*Action item*: Return the lines of the data below exactly. Start at the first and end with the line containing "P_var n x rho".

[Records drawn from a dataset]
Inductive tstep : nat -> ex -> ex -> Prop :=
| P_const n k rho l :
    tstep n (Lab (TClo (TConst k) rho) l) (Lab (TConst k) l)
| P_rec n fs rho l :
    tstep n (Lab (TClo (TRec fs) rho) l)
            (Lab (TRec (map (fun p => (fst p, clo rho (snd p))) fs)) l)
| P_var n x rho l :
    tstep (S n) (Lab (TClo (TVar x) rho) l) (Lab (TVar x) l)
| P_fun n x e rho l :
    tstep (S n) (Lab (TClo (TFun x e) rho) l) (Lab (TFun x (clo rho e)) l)
| P_app n e1 e2 rho l :
    tstep n (Lab (TClo (TApp e1 e2) rho) l) (Lab (TApp (clo rho e1) (clo rho e2)) l)
| P_box n e rho l :
    tstep n (Lab (TClo (TBox e) rho) l) (Lab (TBox (clo rho e)) l)
| P_unbox n e rho l :
    tstep n (Lab (TClo (TUnbox e) rho) l) (Lab (TUnbox (clo rho e)) l)
| P_run0 e rho l :
    tstep 0 (Lab (TClo (TRun e) rho) l) (Lab (TRunIn (clo rho e) rho) l)
| P_runS n e rho l :
    tstep (S n) (Lab (TClo (TRun e) rho) l) (Lab (TRun (clo rho e)) l)
| P_if n e1 e2 e3 rho l :
    tstep n (Lab (TClo (TIf e1 e2 e3) rho) l)
            (Lab (TIf (clo rho e1) (clo rho e2) (clo rho e3)) l)
| P_read n e1 e2 rho l :
    tstep n (Lab (TClo (TRead e1 e2) rho) l) (Lab (TRead (clo rho e1) (clo rho e2)) l)
| P_write n e1 e2 e3 rho l :
    tstep n (Lab (TClo (TWrite e1 e2 e3) rho) l)
            (Lab (TWrite (clo rho e1) (clo rho e2) (clo rho e3)) l)
| P_del n e1 e2 rho l :
    tstep n (Lab (TClo (TDel e1 e2) rho) l) (Lab (TDel (clo rho e1) (clo rho e2)) l)
| P_mark n m e rho l :
    tstep n (Lab (TClo (TMark m e) rho) l) (Lab (TMark m (clo rho e)) l)
| R_lookup x rho v l :
    lookup rho x = Some v ->
    tstep 0 (Lab (TClo (TVar x) rho) l) (relab v l)
| R_apply x t l1 rho l2 v l3 :
    is_val 0 v ->
    tstep 0 (Lab (TApp (Lab (TClo (TFun x (Lab t l1)) rho) l2) v) l3)
            (Lab (TClo t (upd rho x v)) l1)
| R_unbox v l1 l2 :
    is_val 1 v ->
    tstep 1 (Lab (TUnbox (Lab (TBox v) l1)) l2) (relab v l2)
| R_run v l1 rho l2 :
    is_val 1 v ->
    tstep 0 (Lab (TRunIn (Lab (TBox v) l1) rho) l2) (clo rho (relab v l2))
| R_if_true l0 e1 e2 l :
    tstep 0 (Lab (TIf (Lab (TConst CTrue) l0) e1 e2) l) e1
| R_if_false l0 e1 e2 l :
    tstep 0 (Lab (TIf (Lab (TConst CFalse) l0) e1 e2) l) e2
| R_read1 fs1 s vi fs2 l1 l2 l3 :
    vals 0 fs1 -> is_val 0 vi -> vals 0 fs2 ->
    tstep 0 (Lab (TRead (Lab (TRec (fs1 ++ (s, vi) :: fs2)) l1) (str s l2)) l3)
            (relab vi l3)
| R_read2 fs fs' fs'' sx l1' l1 l2 l3 :
    vals 0 fs -> vals 0 fs' -> vals 0 fs'' ->
    ~ In sx (map fst fs) -> ~ In sx (map fst fs'') ->
    tstep 0 (Lab (TRead (Lab (TRec (fs ++ (proto_field, Lab (TRec fs') l1') :: fs'')) l1)
                        (str sx l2)) l3)
            (Lab (TRead (Lab (TRec fs') l1') (str sx l2)) l3)
| R_read3 fs fs'' sx l1' l1 l2 l3 :
    vals 0 fs -> vals 0 fs'' ->
    ~ In sx (map fst fs) -> ~ In sx (map fst fs'') ->
    tstep 0 (Lab (TRead (Lab (TRec (fs ++ (proto_field, Lab (TConst CNull) l1') :: fs'')) l1)
                        (str sx l2)) l3)
            (Lab (TConst CUndef) l3)
| R_write1 fs1 s vi fs2 vi' l1 l2 l3 :
    vals 0 fs1 -> is_val 0 vi -> vals 0 fs2 -> is_val 0 vi' ->
    tstep 0 (Lab (TWrite (Lab (TRec (fs1 ++ (s, vi) :: fs2)) l1) (str s l2) vi') l3)
            (Lab (TRec (fs1 ++ (s, vi') :: fs2)) l3)
| R_write2 fs sx vx l1 l2 l3 :
    vals 0 fs -> ~ In sx (map fst fs) -> is_val 0 vx ->
    tstep 0 (Lab (TWrite (Lab (TRec fs) l1) (str sx l2) vx) l3)
            (Lab (TRec (fs ++ [(sx, vx)])) l3)
| R_del1 fs1 s vi fs2 l1 l2 l3 :
    vals 0 fs1 -> is_val 0 vi -> vals 0 fs2 ->
    tstep 0 (Lab (TDel (Lab (TRec (fs1 ++ (s, vi) :: fs2)) l1) (str s l2)) l3)
            (Lab (TRec (fs1 ++ fs2)) l3)
| R_del2 fs sx l1 l2 l3 :
    vals 0 fs -> ~ In sx (map fst fs) ->
    tstep 0 (Lab (TDel (Lab (TRec fs) l1) (str sx l2)) l3)
            (Lab (TRec fs) l3)
| L_app m t l1 rho l2 v l3 :
    is_val 0 v ->
    tstep 0 (Lab (TApp (Lab (TClo (TMark m (Lab t l1)) rho) l2) v) l3)
            (Lab (TMark m (Lab (TApp (Lab (TClo t rho) l1) v) l3)) l3)
| L_if m v l0 e1 e2 l :
    is_val 0 v ->
    tstep 0 (Lab (TIf (Lab (TMark m v) l0) e1 e2) l)
            (Lab (TMark m (Lab (TIf v e1 e2) l)) l)
| L_unbox m v l1 l2 :
    is_val 0 v ->
    tstep 1 (Lab (TUnbox (Lab (TMark m v) l1)) l2)
            (Lab (TMark m (Lab (TUnbox v) l2)) l2)
| L_runin m v l1 rho l2 :
    is_val 0 v ->
    tstep 0 (Lab (TRunIn (Lab (TMark m v) l1) rho) l2)
            (Lab (TMark m (Lab (TRunIn v rho) l2)) l2)
| L_read_rec m v l1 e2 l2 :
    is_val 0 v ->
    tstep 0 (Lab (TRead (Lab (TMark m v) l1) e2) l2)
            (Lab (TMark m (Lab (TRead v e2) l2)) l2)
| L_read_sel m e1 v l1 l2 :
    is_val 0 v ->
    tstep 0 (Lab (TRead e1 (Lab (TMark m v) l1)) l2)
            (Lab (TMark m (Lab (TRead e1 v) l2)) l2)
| L_write_rec m v l1 e2 e3 l2 :
    is_val 0 v ->
    tstep 0 (Lab (TWrite (Lab (TMark m v) l1) e2 e3) l2)
            (Lab (TMark m (Lab (TWrite v e2 e3) l2)) l2)
| L_write_sel m e1 v l1 e3 l2 :
    is_val 0 v ->
    tstep 0 (Lab (TWrite e1 (Lab (TMark m v) l1) e3) l2)
            (Lab (TMark m (Lab (TWrite e1 v e3) l2)) l2)
| L_del_rec m v l1 e2 l2 :
    is_val 0 v ->
    tstep 0 (Lab (TDel (Lab (TMark m v) l1) e2) l2)
            (Lab (TMark m (Lab (TDel v e2) l2)) l2)
| L_del_sel m e1 v l1 l2 :
    is_val 0 v ->
    tstep 0 (Lab (TDel e1 (Lab (TMark m v) l1)) l2)
            (Lab (TMark m (Lab (TDel e1 v) l2)) l2).

(** Labelled evaluation  e →_m e' : C<t1^l1> →_m C<t2^l2> for C in C^m_n and
    t1^l1 ⇢_n t2^l2, presented as closure of ⇢ under the evaluation-context
    layers (each layer keeps its outer label). *)
Inductive step : nat -> ex -> ex -> Prop :=
| S_top m e e' : tstep m e e' -> step m e e'
| S_rec m fs1 s e e' fs2 l :
    vals m fs1 -> step m e e' ->
    step m (Lab (TRec (fs1 ++ (s, e) :: fs2)) l) (Lab (TRec (fs1 ++ (s, e') :: fs2)) l)
| S_fun m x e e' l :
    step (S m) e e' -> step (S m) (Lab (TFun x e) l) (Lab (TFun x e') l)
| S_app1 m e1 e1' e2 l :
    step m e1 e1' -> step m (Lab (TApp e1 e2) l) (Lab (TApp e1' e2) l)
| S_app2 m v e2 e2' l :
    is_val m v -> step m e2 e2' -> step m (Lab (TApp v e2) l) (Lab (TApp v e2') l)
| S_box m e e' l :
    step (S m) e e' -> step m (Lab (TBox e) l) (Lab (TBox e') l)
| S_unbox m e e' l :
    step m e e' -> step (S m) (Lab (TUnbox e) l) (Lab (TUnbox e') l)
| S_run m e e' l :
    step m e e' -> step m (Lab (TRun e) l) (Lab (TRun e') l)
| S_if1 m e1 e1' e2 e3 l :
    step m e1 e1' -> step m (Lab (TIf e1 e2 e3) l) (Lab (TIf e1' e2 e3) l)
| S_if2 m v1 e2 e2' e3 l :
    is_val (S m) v1 -> step (S m) e2 e2' ->
    step (S m) (Lab (TIf v1 e2 e3) l) (Lab (TIf v1 e2' e3) l)
| S_if3 m v1 v2 e3 e3' l :
    is_val (S m) v1 -> is_val (S m) v2 -> step (S m) e3 e3' ->
    step (S m) (Lab (TIf v1 v2 e3) l) (Lab (TIf v1 v2 e3') l)
| S_read1 m e1 e1' e2 l :
    step m e1 e1' -> step m (Lab (TRead e1 e2) l) (Lab (TRead e1' e2) l)
| S_read2 m v1 e2 e2' l :
    is_val m v1 -> step m e2 e2' -> step m (Lab (TRead v1 e2) l) (Lab (TRead v1 e2') l)
| S_write1 m e1 e1' e2 e3 l :
    step m e1 e1' -> step m (Lab (TWrite e1 e2 e3) l) (Lab (TWrite e1' e2 e3) l)
| S_write2 m v1 e2 e2' e3 l :
    is_val m v1 -> step m e2 e2' ->
    step m (Lab (TWrite v1 e2 e3) l) (Lab (TWrite v1 e2' e3) l)
| S_write3 m v1 v2 e3 e3' l :
    is_val m v1 -> is_val m v2 -> step m e3 e3' ->
    step m (Lab (TWrite v1 v2 e3) l) (Lab (TWrite v1 v2 e3') l)
| S_del1 m e1 e1' e2 l :
    step m e1 e1' -> step m (Lab (TDel e1 e2) l) (Lab (TDel e1' e2) l)
| S_del2 m v1 e2 e2' l :
    is_val m v1 -> step m e2 e2' -> step m (Lab (TDel v1 e2) l) (Lab (TDel v1 e2') l)
| S_runin m e e' rho l :
    step m e e' -> step m (Lab (TRunIn e rho) l) (Lab (TRunIn e' rho) l)
| S_mark m mk e e' l :
    step m e e' -> step m (Lab (TMark mk e) l) (Lab (TMark mk e') l).

Inductive absval :=
| ANull | AUndef | ABool | ANum | AStr
| AFun (x : name) (e : ex)
| ABox (e : ex)
| ARec (l : Label).

Inductive absvar :=
| AVName (x : name)
| AVField (l : Label) (p : string).

Definition ceil (k : const) : absval :=
  match k with
  | CNull => ANull
  | CUndef => AUndef
  | CTrue | CFalse => ABool
  | CNum _ => ANum
  | CStr _ => AStr
  end.

Definition subset (A B : absval -> Prop) : Prop := forall nu, A nu -> B nu.

Inductive proto (rh : absvar -> absval -> Prop) (l : Label) : Label -> Prop :=
| proto_refl : proto rh l l
| proto_next p l' : proto rh l p -> rh (AVField p proto_field) (ARec l') -> proto rh l l'.

Section Judgement.
Variable G : Label -> absval -> Prop.
Variable rh : absvar -> absval -> Prop.

Inductive models : ex -> Prop :=
| M_const k l : G l (ceil k) -> models (Lab (TConst k) l)
| M_var x l : subset (rh (AVName x)) (G l) -> models (Lab (TVar x) l)
| M_rec fs l :
    (forall p, In p fs -> models (snd p)) ->
    (exists l', G l (ARec l') /\
       forall p, In p fs -> subset (G (lbl (snd p))) (rh (AVField l' (fst p)))) ->
    models (Lab (TRec fs) l)
| M_fun x e l :
    models e -> (exists nu, G l nu /\ approx nu (TFun x e)) -> models (Lab (TFun x e) l)
| M_app e1 e2 l :
    models e1 -> models e2 ->
    (forall x e3, G (lbl e1) (AFun x e3) ->
       subset (G (lbl e2)) (rh (AVName x)) /\ subset (G (lbl e3)) (G l)) ->
    models (Lab (TApp e1 e2) l)
| M_box e l :
    models e -> (exists nu, G l nu /\ approx nu (TBox e)) -> models (Lab (TBox e) l)
| M_unbox e l0 :
    models e -> (forall e', G (lbl e) (ABox e') -> subset (G (lbl e')) (G l0)) ->
    models (Lab (TUnbox e) l0)
| M_run e l0 :
    models e -> (forall e', G (lbl e) (ABox e') -> subset (G (lbl e')) (G l0)) ->
    models (Lab (TRun e) l0)
| M_runin e rho l0 :
    models e -> (forall e', G (lbl e) (ABox e') -> subset (G (lbl e')) (G l0)) ->
    models_env rho ->
    models (Lab (TRunIn e rho) l0)
| M_if e1 e2 e3 l :
    models e1 -> models e2 -> models e3 ->
    subset (G (lbl e2)) (G l) -> subset (G (lbl e3)) (G l) ->
    models (Lab (TIf e1 e2 e3) l)
| M_clo t rho l :
    models (Lab t l) -> models_env rho -> models (Lab (TClo t rho) l)
| M_read e1 e2 l :
    models e1 -> models e2 ->
    (forall l' s l'', G (lbl e1) (ARec l') -> proto rh l' l'' ->
       subset (rh (AVField l'' s)) (G l)) ->
    G l AUndef ->
    models (Lab (TRead e1 e2) l)
| M_write e1 e2 e3 l :
    models e1 -> models e2 -> models e3 ->
    (forall s l', G (lbl e1) (ARec l') -> subset (G (lbl e3)) (rh (AVField l' s))) ->
    subset (G (lbl e1)) (G l) ->
    models (Lab (TWrite e1 e2 e3) l)
| M_del e1 e2 l :
    models e1 -> models e2 -> subset (G (lbl e1)) (G l) ->
    models (Lab (TDel e1 e2) l)
| M_mark m e l :
    models e -> subset (G (lbl e)) (G l) -> models (Lab (TMark m e) l)
with models_env : env -> Prop :=
| ME rho :
    (forall x v, lookup rho x = Some v ->
       models v /\ subset (G (lbl v)) (rh (AVName x))) ->
    models_env rho
with approx : absval -> tm -> Prop :=
| A_const k : approx (ceil k) (TConst k)
| A_fun x e : approx (AFun x e) (TFun x e)
| A_box e : approx (ABox e) (TBox e)
| A_rec l' fs :
    (forall s t l, In (s, Lab t l) fs -> exists nu, rh (AVField l' s) nu /\ approx nu t) ->
    approx (ARec l') (TRec fs)
| A_step nu t t' n l :
    approx nu t -> step n (Lab t l) (Lab t' l) -> approx nu t'
| A_clo nu t rho :
    approx nu t -> models_env rho -> approx nu (TClo t rho).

*Solution to this task*:
Inductive tstep : nat -> ex -> ex -> Prop :=
| P_const n k rho l :
    tstep n (Lab (TClo (TConst k) rho) l) (Lab (TConst k) l)
| P_rec n fs rho l :
    tstep n (Lab (TClo (TRec fs) rho) l)
            (Lab (TRec (map (fun p => (fst p, clo rho (snd p))) fs)) l)
| P_var n x rho l :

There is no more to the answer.